* **PROBLEM TO SOLVE**: All lines below are to be output exactly as they stand.

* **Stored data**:
Lemma mget_out_col a b (M : 'M[R]_(a, b)) i j : (b <= j)%N -> mget M i j = 0.
Proof. by move=> le_bj; rewrite /mget; case: insub => // ?; rewrite insubF // ltnNge le_bj. Qed.

Lemma mget0 a b i j : mget (0 : 'M[R]_(a, b)) i j = 0.
Proof.
by rewrite /mget; case: (@insub _ _ 'I_a i) => [?|//]; case: (@insub _ _ 'I_b j) => [?|//];
  rewrite mxE.
Qed.

Lemma mgetD a b (M N : 'M[R]_(a, b)) i j : mget (M + N) i j = mget M i j + mget N i j.
Proof.
by rewrite /mget; case: (@insub _ _ 'I_a i) => [?|]; case: (@insub _ _ 'I_b j) => [?|];
  rewrite ?mxE ?addr0.
Qed.

Lemma vgetE k (v : 'cV[R]_k) (r : 'I_k) : vget v r = v r 0.
Proof.
by rewrite /vget (mget_ord v (ltn_ord r) (ltn0Sn 0)); congr (v _ _); apply: val_inj.
Qed.

Lemma blkE T k (v : 'cV[R]_(T.+1 * k)) t (e : 'I_k) (r : 'I_(T.+1 * k)) :
  val r = (t * k + e)%N -> blk T k v t e 0 = v r 0.
Proof. by move=> Er; rewrite mxE -Er vgetE. Qed.

Lemma blk_ord T k (v : 'cV[R]_(T.+1 * k)) t (e : 'I_k) (le_tT : (t <= T)%N) :
  blk T k v t e 0 = v (Ordinal (blk_index_lt (le_tT : (t < T.+1)%N) (ltn_ord e))) 0.
Proof. exact: blkE. Qed.

Lemma eq_blk T k (v w : 'cV[R]_(T.+1 * k)) :
  (forall t, (t <= T)%N -> blk T k v t = blk T k w t) -> v = w.
Proof.
move=> Evw; apply/colP => r; have [t [e [le_tT Er]]] := blk_index_cover r.
by rewrite -!(blkE _ Er) Evw.
Qed.

Lemma lev_blk T k (v w : 'cV[R]_(T.+1 * k)) :
  lev v w <-> (forall t, (t <= T)%N -> lev (blk T k v t) (blk T k w t)).
Proof.
split=> [le_vw t le_tT e | le_vw r].
  by rewrite !(blk_ord _ _ le_tT).
by have [t [e [le_tT Er]]] := blk_index_cover r; rewrite -!(blkE _ Er); exact: le_vw.
Qed.

Lemma blkD T k (v w : 'cV[R]_(T.+1 * k)) t : blk T k (v + w) t = blk T k v t + blk T k w t.
Proof. by apply/colP => e; rewrite !mxE /vget mgetD. Qed.

Lemma blk_bstack T a (h : 'cV[R]_a) t : (t <= T)%N -> blk T a (bstack T h) t = h.
Proof.
move=> le_tT; apply/colP => e.
rewrite (blk_ord _ _ le_tT) mxE /=.
by have [_ ->] := divmodn_blk t (ltn_ord e); rewrite vgetE.
Qed.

* **OUTPUT OF THE TASK**:
Lemma mget_out_col a b (M : 'M[R]_(a, b)) i j : (b <= j)%N -> mget M i j = 0.
Proof. by move=> le_bj; rewrite /mget; case: insub => // ?; rewrite insubF // ltnNge le_bj. Qed.

Lemma mget0 a b i j : mget (0 : 'M[R]_(a, b)) i j = 0.
Proof.
by rewrite /mget; case: (@insub _ _ 'I_a i) => [?|//]; case: (@insub _ _ 'I_b j) => [?|//];
  rewrite mxE.
Qed.

Lemma mgetD a b (M N : 'M[R]_(a, b)) i j : mget (M + N) i j = mget M i j + mget N i j.
Proof.
by rewrite /mget; case: (@insub _ _ 'I_a i) => [?|]; case: (@insub _ _ 'I_b j) => [?|];
  rewrite ?mxE ?addr0.
Qed.

Lemma vgetE k (v : 'cV[R]_k) (r : 'I_k) : vget v r = v r 0.
Proof.
by rewrite /vget (mget_ord v (ltn_ord r) (ltn0Sn 0)); congr (v _ _); apply: val_inj.
Qed.

Lemma blkE T k (v : 'cV[R]_(T.+1 * k)) t (e : 'I_k) (r : 'I_(T.+1 * k)) :
  val r = (t * k + e)%N -> blk T k v t e 0 = v r 0.
Proof. by move=> Er; rewrite mxE -Er vgetE. Qed.

Lemma blk_ord T k (v : 'cV[R]_(T.+1 * k)) t (e : 'I_k) (le_tT : (t <= T)%N) :
  blk T k v t e 0 = v (Ordinal (blk_index_lt (le_tT : (t < T.+1)%N) (ltn_ord e))) 0.
Proof. exact: blkE. Qed.

Lemma eq_blk T k (v w : 'cV[R]_(T.+1 * k)) :
  (forall t, (t <= T)%N -> blk T k v t = blk T k w t) -> v = w.
Proof.
move=> Evw; apply/colP => r; have [t [e [le_tT Er]]] := blk_index_cover r.
by rewrite -!(blkE _ Er) Evw.
Qed.

Lemma lev_blk T k (v w : 'cV[R]_(T.+1 * k)) :
  lev v w <-> (forall t, (t <= T)%N -> lev (blk T k v t) (blk T k w t)).
Proof.
split=> [le_vw t le_tT e | le_vw r].
  by rewrite !(blk_ord _ _ le_tT).
by have [t [e [le_tT Er]]] := blk_index_cover r; rewrite -!(blkE _ Er); exact: le_vw.
Qed.

Lemma blkD T k (v w : 'cV[R]_(T.+1 * k)) t : blk T k (v + w) t = blk T k v t + blk T k w t.
Proof. by apply/colP => e; rewrite !mxE /vget mgetD. Qed.

Lemma blk_bstack T a (h : 'cV[R]_a) t : (t <= T)%N -> blk T a (bstack T h) t = h.
Proof.
move=> le_tT; apply/colP => e.
rewrite (blk_ord _ _ le_tT) mxE /=.
by have [_ ->] := divmodn_blk t (ltn_ord e); rewrite vgetE.
Qed.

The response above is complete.